== Exercise input
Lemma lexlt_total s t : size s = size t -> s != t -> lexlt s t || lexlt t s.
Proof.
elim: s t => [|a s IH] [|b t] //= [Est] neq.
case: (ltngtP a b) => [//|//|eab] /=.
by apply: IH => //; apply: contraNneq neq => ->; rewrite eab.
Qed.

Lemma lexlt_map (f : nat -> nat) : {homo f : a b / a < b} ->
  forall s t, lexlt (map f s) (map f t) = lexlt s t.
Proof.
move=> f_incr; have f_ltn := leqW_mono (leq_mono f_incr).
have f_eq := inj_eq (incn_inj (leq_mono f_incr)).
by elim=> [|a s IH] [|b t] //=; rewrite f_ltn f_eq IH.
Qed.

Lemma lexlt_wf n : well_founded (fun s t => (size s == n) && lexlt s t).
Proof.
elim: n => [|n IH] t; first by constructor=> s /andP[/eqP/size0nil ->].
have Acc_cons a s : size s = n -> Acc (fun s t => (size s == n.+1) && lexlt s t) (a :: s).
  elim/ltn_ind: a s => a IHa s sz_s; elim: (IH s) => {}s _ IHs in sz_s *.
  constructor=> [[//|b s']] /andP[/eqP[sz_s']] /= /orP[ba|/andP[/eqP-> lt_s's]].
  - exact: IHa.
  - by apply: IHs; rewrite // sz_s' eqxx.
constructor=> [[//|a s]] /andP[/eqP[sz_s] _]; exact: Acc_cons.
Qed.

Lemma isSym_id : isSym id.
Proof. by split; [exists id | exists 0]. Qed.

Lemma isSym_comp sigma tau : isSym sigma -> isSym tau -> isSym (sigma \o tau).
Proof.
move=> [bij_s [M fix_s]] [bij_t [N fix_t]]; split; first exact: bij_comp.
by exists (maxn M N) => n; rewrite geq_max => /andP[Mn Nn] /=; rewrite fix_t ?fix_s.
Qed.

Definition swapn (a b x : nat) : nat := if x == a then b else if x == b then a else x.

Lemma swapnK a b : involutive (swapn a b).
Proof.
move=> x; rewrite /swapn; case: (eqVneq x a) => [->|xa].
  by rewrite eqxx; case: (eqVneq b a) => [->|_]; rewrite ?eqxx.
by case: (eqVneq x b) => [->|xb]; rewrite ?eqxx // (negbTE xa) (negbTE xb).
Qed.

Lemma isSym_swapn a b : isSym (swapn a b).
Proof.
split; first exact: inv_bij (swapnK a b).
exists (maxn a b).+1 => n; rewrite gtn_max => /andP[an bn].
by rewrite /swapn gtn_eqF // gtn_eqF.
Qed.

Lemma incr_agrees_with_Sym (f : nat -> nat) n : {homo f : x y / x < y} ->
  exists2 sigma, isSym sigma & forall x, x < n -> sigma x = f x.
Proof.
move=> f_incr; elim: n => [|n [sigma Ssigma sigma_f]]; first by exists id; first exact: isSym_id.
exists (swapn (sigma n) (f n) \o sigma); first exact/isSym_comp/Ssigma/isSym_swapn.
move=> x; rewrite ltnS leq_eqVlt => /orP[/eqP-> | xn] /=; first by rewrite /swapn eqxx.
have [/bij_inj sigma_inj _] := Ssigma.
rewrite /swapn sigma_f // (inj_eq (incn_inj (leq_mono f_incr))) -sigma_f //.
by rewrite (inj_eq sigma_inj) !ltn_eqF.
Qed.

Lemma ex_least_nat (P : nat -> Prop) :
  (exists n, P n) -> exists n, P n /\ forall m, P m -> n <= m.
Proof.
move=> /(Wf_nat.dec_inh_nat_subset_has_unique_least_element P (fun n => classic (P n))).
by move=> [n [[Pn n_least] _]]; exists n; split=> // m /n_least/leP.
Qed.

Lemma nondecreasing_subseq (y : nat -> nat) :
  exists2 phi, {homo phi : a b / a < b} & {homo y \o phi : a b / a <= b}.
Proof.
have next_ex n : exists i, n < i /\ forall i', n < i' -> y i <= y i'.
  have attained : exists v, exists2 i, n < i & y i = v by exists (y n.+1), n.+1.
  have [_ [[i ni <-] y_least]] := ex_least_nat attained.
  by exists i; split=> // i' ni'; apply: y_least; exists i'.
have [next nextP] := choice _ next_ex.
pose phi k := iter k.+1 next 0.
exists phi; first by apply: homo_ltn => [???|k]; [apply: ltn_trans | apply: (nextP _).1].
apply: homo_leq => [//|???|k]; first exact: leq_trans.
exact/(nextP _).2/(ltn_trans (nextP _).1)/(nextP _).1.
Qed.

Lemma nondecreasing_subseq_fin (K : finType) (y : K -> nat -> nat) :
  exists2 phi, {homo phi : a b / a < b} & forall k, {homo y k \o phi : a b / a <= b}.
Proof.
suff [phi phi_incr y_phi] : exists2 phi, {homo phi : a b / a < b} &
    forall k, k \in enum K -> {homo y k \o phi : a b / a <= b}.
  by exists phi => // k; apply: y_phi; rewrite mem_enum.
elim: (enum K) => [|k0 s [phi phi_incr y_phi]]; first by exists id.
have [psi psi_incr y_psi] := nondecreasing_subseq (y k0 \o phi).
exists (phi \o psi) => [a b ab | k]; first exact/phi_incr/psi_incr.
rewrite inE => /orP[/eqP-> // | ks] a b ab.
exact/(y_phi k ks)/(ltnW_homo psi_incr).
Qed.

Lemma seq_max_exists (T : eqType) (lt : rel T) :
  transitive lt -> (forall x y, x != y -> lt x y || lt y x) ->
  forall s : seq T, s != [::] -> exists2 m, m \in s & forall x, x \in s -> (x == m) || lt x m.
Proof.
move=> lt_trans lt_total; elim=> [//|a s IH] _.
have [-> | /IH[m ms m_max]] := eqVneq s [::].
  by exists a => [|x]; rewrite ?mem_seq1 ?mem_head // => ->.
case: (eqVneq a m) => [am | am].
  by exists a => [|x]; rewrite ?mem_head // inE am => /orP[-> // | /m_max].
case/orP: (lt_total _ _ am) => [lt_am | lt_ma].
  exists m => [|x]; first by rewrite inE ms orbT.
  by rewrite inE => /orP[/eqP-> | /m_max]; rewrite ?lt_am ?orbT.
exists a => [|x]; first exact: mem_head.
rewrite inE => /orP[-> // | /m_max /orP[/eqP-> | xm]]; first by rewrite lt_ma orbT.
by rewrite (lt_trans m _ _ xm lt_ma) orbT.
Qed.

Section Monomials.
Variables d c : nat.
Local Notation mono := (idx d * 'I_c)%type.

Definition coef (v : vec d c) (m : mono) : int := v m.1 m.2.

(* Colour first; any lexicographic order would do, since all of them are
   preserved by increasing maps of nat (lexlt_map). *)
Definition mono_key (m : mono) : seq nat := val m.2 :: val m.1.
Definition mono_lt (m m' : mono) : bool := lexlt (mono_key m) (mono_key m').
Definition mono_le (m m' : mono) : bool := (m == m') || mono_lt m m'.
====
### To do
Would you print exactly, and only, the lines of the data above from the line with "Definition swapn (a" through the line with "have next_ex n", inclusive?

### Solution to the problem
Definition swapn (a b x : nat) : nat := if x == a then b else if x == b then a else x.

Lemma swapnK a b : involutive (swapn a b).
Proof.
move=> x; rewrite /swapn; case: (eqVneq x a) => [->|xa].
  by rewrite eqxx; case: (eqVneq b a) => [->|_]; rewrite ?eqxx.
by case: (eqVneq x b) => [->|xb]; rewrite ?eqxx // (negbTE xa) (negbTE xb).
Qed.

Lemma isSym_swapn a b : isSym (swapn a b).
Proof.
split; first exact: inv_bij (swapnK a b).
exists (maxn a b).+1 => n; rewrite gtn_max => /andP[an bn].
by rewrite /swapn gtn_eqF // gtn_eqF.
Qed.

Lemma incr_agrees_with_Sym (f : nat -> nat) n : {homo f : x y / x < y} ->
  exists2 sigma, isSym sigma & forall x, x < n -> sigma x = f x.
Proof.
move=> f_incr; elim: n => [|n [sigma Ssigma sigma_f]]; first by exists id; first exact: isSym_id.
exists (swapn (sigma n) (f n) \o sigma); first exact/isSym_comp/Ssigma/isSym_swapn.
move=> x; rewrite ltnS leq_eqVlt => /orP[/eqP-> | xn] /=; first by rewrite /swapn eqxx.
have [/bij_inj sigma_inj _] := Ssigma.
rewrite /swapn sigma_f // (inj_eq (incn_inj (leq_mono f_incr))) -sigma_f //.
by rewrite (inj_eq sigma_inj) !ltn_eqF.
Qed.

Lemma ex_least_nat (P : nat -> Prop) :
  (exists n, P n) -> exists n, P n /\ forall m, P m -> n <= m.
Proof.
move=> /(Wf_nat.dec_inh_nat_subset_has_unique_least_element P (fun n => classic (P n))).
by move=> [n [[Pn n_least] _]]; exists n; split=> // m /n_least/leP.
Qed.

Lemma nondecreasing_subseq (y : nat -> nat) :
  exists2 phi, {homo phi : a b / a < b} & {homo y \o phi : a b / a <= b}.
Proof.
have next_ex n : exists i, n < i /\ forall i', n < i' -> y i <= y i'.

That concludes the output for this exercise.